Let's experiment with both parameters to understand the trade-offs.

In [None]:
# Create near-duplicates at varying edit distances
edit_levels = [0.02, 0.05, 0.10, 0.20, 0.30]
test_docs = list(opinions)  # start with originals

for frac in edit_levels:
    dup = opinions[0].copy()
    dup["text"] = create_near_duplicate(opinions[0]["text"], edit_fraction=frac)
    dup["case_name"] = f"{opinions[0]['case_name']} [edit={frac:.0%}]"
    dup["id"] = 9000 + int(frac * 100)
    test_docs.append(dup)

print(f"Test corpus: {len(test_docs)} documents")
print(f"  Original opinions:    {len(opinions)}")
print(f"  Synthetic variants:   {len(edit_levels)}")
print(f"  Edit levels tested:   {edit_levels}")

In [None]:
# Test different threshold values
thresholds = [0.3, 0.4, 0.5, 0.6, 0.7, 0.8, 0.9]

print(f"{'Threshold':>10s}  {'Pairs Found':>12s}  {'Docs Removed':>13s}")
print("-" * 40)

for thresh in thresholds:
    pairs = find_near_duplicates(test_docs, threshold=thresh, num_perm=128)
    deduped_t, _ = deduplicate_corpus(test_docs, threshold=thresh, num_perm=128)
    removed = len(test_docs) - len(deduped_t)
    print(f"{thresh:>10.1f}  {len(pairs):>12d}  {removed:>13d}")

In [None]:
# Test different num_perm values at a fixed threshold
perm_values = [32, 64, 128, 256]
fixed_threshold = 0.5

print(f"Threshold fixed at {fixed_threshold}")
print(f"{'num_perm':>10s}  {'Pairs Found':>12s}  {'Docs Removed':>13s}")
print("-" * 40)

for np in perm_values:
    pairs = find_near_duplicates(
        test_docs, threshold=fixed_threshold, num_perm=np
    )
    deduped_p, _ = deduplicate_corpus(
        test_docs, threshold=fixed_threshold, num_perm=np
    )
    removed = len(test_docs) - len(deduped_p)
    print(f"{np:>10d}  {len(pairs):>12d}  {removed:>13d}")

### Interpreting the Results

- **Lower thresholds** catch more near-duplicates (including documents with
  larger edit distances) but increase the risk of false positives -- removing
  documents that are genuinely different but happen to share legal terminology.
- **Higher `num_perm`** gives more precise similarity estimates.
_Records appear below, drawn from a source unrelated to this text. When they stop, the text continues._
Lemma gauss_kernel_int_bounds (x : R) : 0 <= gauss_kernel_int x <= gauss x.
Proof.
  unfold gauss_kernel_int; split.
  - apply Rle_trans with (RInt (fun _ => 0) 0 1); [right; rewrite RInt_const_R; ring|].
    apply RInt_le; [lra|apply ex_RInt_const_R|apply ex_RInt_gauss_kernel|].
    intros u _; apply Rlt_le, gauss_kernel_pos.
  - apply Rle_trans with (RInt (fun _ => gauss x) 0 1); [|right; rewrite RInt_const_R; ring].
    apply RInt_le; [lra|apply ex_RInt_gauss_kernel|apply ex_RInt_const_R|].
    intros u _; unfold gauss_kernel, gauss.
    pose proof (pow2_ge_0 u); pose proof (pow2_ge_0 x).
    apply Rle_trans with (exp (- (x ^ 2 * (1 + u ^ 2)) / 2)).
    + unfold Rdiv at 1; rewrite <- (Rmult_1_r (exp _)) at 2.
      apply Rmult_le_compat_l; [apply Rlt_le, exp_pos|].
      rewrite <- Rinv_1; apply Rinv_le_contravar; lra.
    + apply exp_le_mono; nra.
Qed.

Lemma gauss_int_nonneg (x : R) : 0 <= x -> 0 <= gauss_int x.
Proof.
  intro Hx; unfold gauss_int.
  apply Rle_trans with (RInt (fun _ => 0) 0 x); [right; rewrite RInt_const_R; ring|].
  apply RInt_le; [exact Hx|apply ex_RInt_const_R|apply ex_RInt_gauss|].
  intros; apply Rlt_le, exp_pos.
Qed.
With too few
  permutations, the Jaccard estimate is noisy and results are less
  reproducible.
- For legal text, a threshold of **0.5-0.7** and **128 permutations** is a
  reasonable starting point. Legal documents naturally share vocabulary
  ("the court finds", "summary judgment"), so overly aggressive dedup can
  remove distinct opinions that happen to discuss similar legal standards.

## Exercises

### Exercise (a): Precision/Recall of Dedup

Using the synthetic near-duplicates as ground truth:

1. Create a test set with known duplicate pairs at various edit distances
   (5%, 10%, 20%, 30%, 50% of words replaced).
2. For each combination of `num_perm` (64, 128, 256) and `threshold`
   (0.3, 0.5, 0.7, 0.9), compute:
   - **Precision**: What fraction of detected pairs are actual duplicates?
   - **Recall**: What fraction of actual duplicates are detected?
3. Plot precision vs. recall curves for different parameter settings.
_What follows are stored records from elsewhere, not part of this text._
(* The functions [d] and [ad - bc] on g^* are continuous and constant on coadjoint orbits,
   with values [lambda_k] and [rho_k lambda_k] on [O_{rho_k,lambda_k}]. So a limit of the
   sequence (one exists by proper convergence) makes [rho_k lambda_k] converge to some
   [omega] and lies in [d = 0] with [ad - bc = omega]: it is an [O_{alpha,beta,0}] with
   [alpha beta = -omega], or a point [tau T^*] if [omega = 0]; the rescaling
   [(alpha, beta) -> (e^s alpha, e^-s beta)] brings it to the listed normal forms.
   Conversely, each such orbit contains a limit in g^* of points of [O_{rho_k,lambda_k}],
   and as an orbit with [d <> 0] is determined by any of its points, the quotient topology
   turns this into convergence of the orbits. *)

From Stdlib Require Import Reals Lra Lia FunctionalExtensionality PropExtensionality.
From Coquelicot Require Import Coquelicot.
Open Scope R_scope.

Definition zcoord (p : gstar) : R := let '(_, _, _, d) := p in d.
Definition casimir (p : gstar) : R := let '(a, b, c, d) := p in a * d - b * c.

Definition orbit_invariant (g : gstar -> R) : Prop :=
  forall O p q, is_orbit O -> O p -> O q -> g p = g q.

Lemma gpt_inj a b c d a' b' c' d' :
  gpt a b c d = gpt a' b' c' d' -> a = a' /\ b = b' /\ c = c' /\ d = d'.
Proof. intros H; injection H; auto. Qed.

Lemma O3_gpt r l a x y : l <> 0 -> a * l = r * l + x * y -> O3 r l (gpt a x y l).
Proof.
  intros Hl H. exists x, y. unfold gpt. repeat f_equal.
  apply (Rmult_eq_reg_r l); [rewrite H; field|]; assumption.
Qed.

Lemma O2_gpt al be : O2 al be (gpt 0 al be 0).
Proof. exists 0, 0. rewrite Ropp_0, exp_0, !Rmult_1_l. reflexivity. Qed.

Lemma invariants_O3 r l p : l <> 0 -> O3 r l p -> zcoord p = l /\ casimir p = r * l.
Proof. intros Hl [x [y ->]]. split; simpl; [reflexivity | field; assumption]. Qed.

Lemma invariants_O2 al be p : O2 al be p -> zcoord p = 0 /\ casimir p = - (al * be).
Proof.
  intros [t [u ->]]. split; simpl; [reflexivity|].
  rewrite exp_Ropp. pose proof (exp_pos t). field. lra.
Qed.

Lemma invariants_O0 t p : O0 t p -> zcoord p = 0 /\ casimir p = 0.
Proof. intros ->. split; simpl; ring. Qed.

Lemma invariants_orbit O p q : is_orbit O -> O p -> O q ->
  zcoord p = zcoord q /\ casimir p = casimir q.
Proof.
  intros [[r [l [Hl ->]]] | [[al [be [_ ->]]] | [t ->]]] Hp Hq.
  - destruct (invariants_O3 _ _ _ Hl Hp), (invariants_O3 _ _ _ Hl Hq). split; congruence.
  - destruct (invariants_O2 _ _ _ Hp), (invariants_O2 _ _ _ Hq). split; congruence.
  - destruct (invariants_O0 _ _ Hp), (invariants_O0 _ _ Hq). split; congruence.
Qed.

Lemma zcoord_orbit_invariant : orbit_invariant zcoord.
Proof. intros O p q HO Hp Hq. exact (proj1 (invariants_orbit O p q HO Hp Hq)). Qed.

Lemma casimir_orbit_invariant : orbit_invariant casimir.
Proof. intros O p q HO Hp Hq. exact (proj2 (invariants_orbit O p q HO Hp Hq)). Qed.

Lemma zcoord_continuous p : continuous zcoord p.
Proof.
  apply (continuous_ext snd); [intros [[[a b] c] d]; reflexivity | apply continuous_snd].
Qed.

Lemma casimir_continuous p : continuous casimir p.
Proof.
  apply (continuous_ext (fun p : gstar =>
    minus (mult (fst (fst (fst p))) (snd p)) (mult (snd (fst (fst p))) (snd (fst p))))).
  { intros [[[a b] c] d]. reflexivity. }
  apply @continuous_minus; apply @continuous_mult;
    repeat first [apply continuous_fst | apply continuous_snd | apply continuous_comp].
Qed.

Lemma continuous_gpt_ball (g : gstar -> R) a b c d eps :
  continuous g (gpt a b c d) -> 0 < eps ->
  exists del, 0 < del /\
    forall a' b' c' d', Rabs (a' - a) < del -> Rabs (b' - b) < del ->
      Rabs (c' - c) < del -> Rabs (d' - d) < del ->
      Rabs (g (gpt a' b' c' d') - g (gpt a b c d)) < eps.
Proof.
  intros Hg Heps.
  destruct (Hg _ (locally_ball (g (gpt a b c d)) (mkposreal _ Heps))) as [del Hdel].
  exists del. split; [apply cond_pos|].
  intros a' b' c' d' Ha Hb Hc Hd. apply (Hdel (gpt a' b' c' d')). repeat split; assumption.
Qed.

Lemma orbit_through a b c d : exists O, is_orbit O /\ O (gpt a b c d).
Proof.
  destruct (Req_dec d 0) as [-> | Hd].
  - destruct (Req_dec b 0) as [-> | Hb]; [destruct (Req_dec c 0) as [-> | Hc]|].
    + exists (O0 a). split; [right; right; exists a|]; reflexivity.
    + exists (O2 0 c). split; [right; left; exists 0, c; auto|].
      exists 0, a. rewrite Ropp_0, exp_0, !Rmult_1_l. reflexivity.
    + exists (O2 b c). split; [right; left; exists b, c; auto|].
      exists 0, a. rewrite Ropp_0, exp_0, !Rmult_1_l. reflexivity.
  - exists (O3 ((a * d - b * c) / d) d). split.
    + left. exists ((a * d - b * c) / d), d. auto.
    + apply O3_gpt; [|field]; assumption.
Qed.

Lemma orbit_nonempty O : is_orbit O -> exists p, O p.
Proof.
  intros [[r [l [Hl ->]]] | [[al [be [_ ->]]] | [t ->]]].
  - exists (gpt ((r * l + 0 * 0) / l) 0 0 l). exists 0, 0. reflexivity.
  - exists (gpt 0 al be 0). apply O2_gpt.
  - exists (gpt t 0 0 0). reflexivity.
Qed.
### Exercise (b): Dedup Ratio by Document Type

Legal corpora contain different types of documents with different
duplication characteristics:

- **Appellate opinions** -- Often unique, but amended opinions create
  near-duplicates.
- **Orders** -- Short, formulaic documents that may look very similar
  across cases.
- **Motions** -- Often use template language, leading to high false-positive
  rates in dedup.

Using the `court` field in our sample data:
1. Group documents by court.
2. Run dedup within each group and across groups.
3. Estimate which court or document type has the highest natural duplication
   rate.
4. Discuss: should dedup thresholds vary by document type?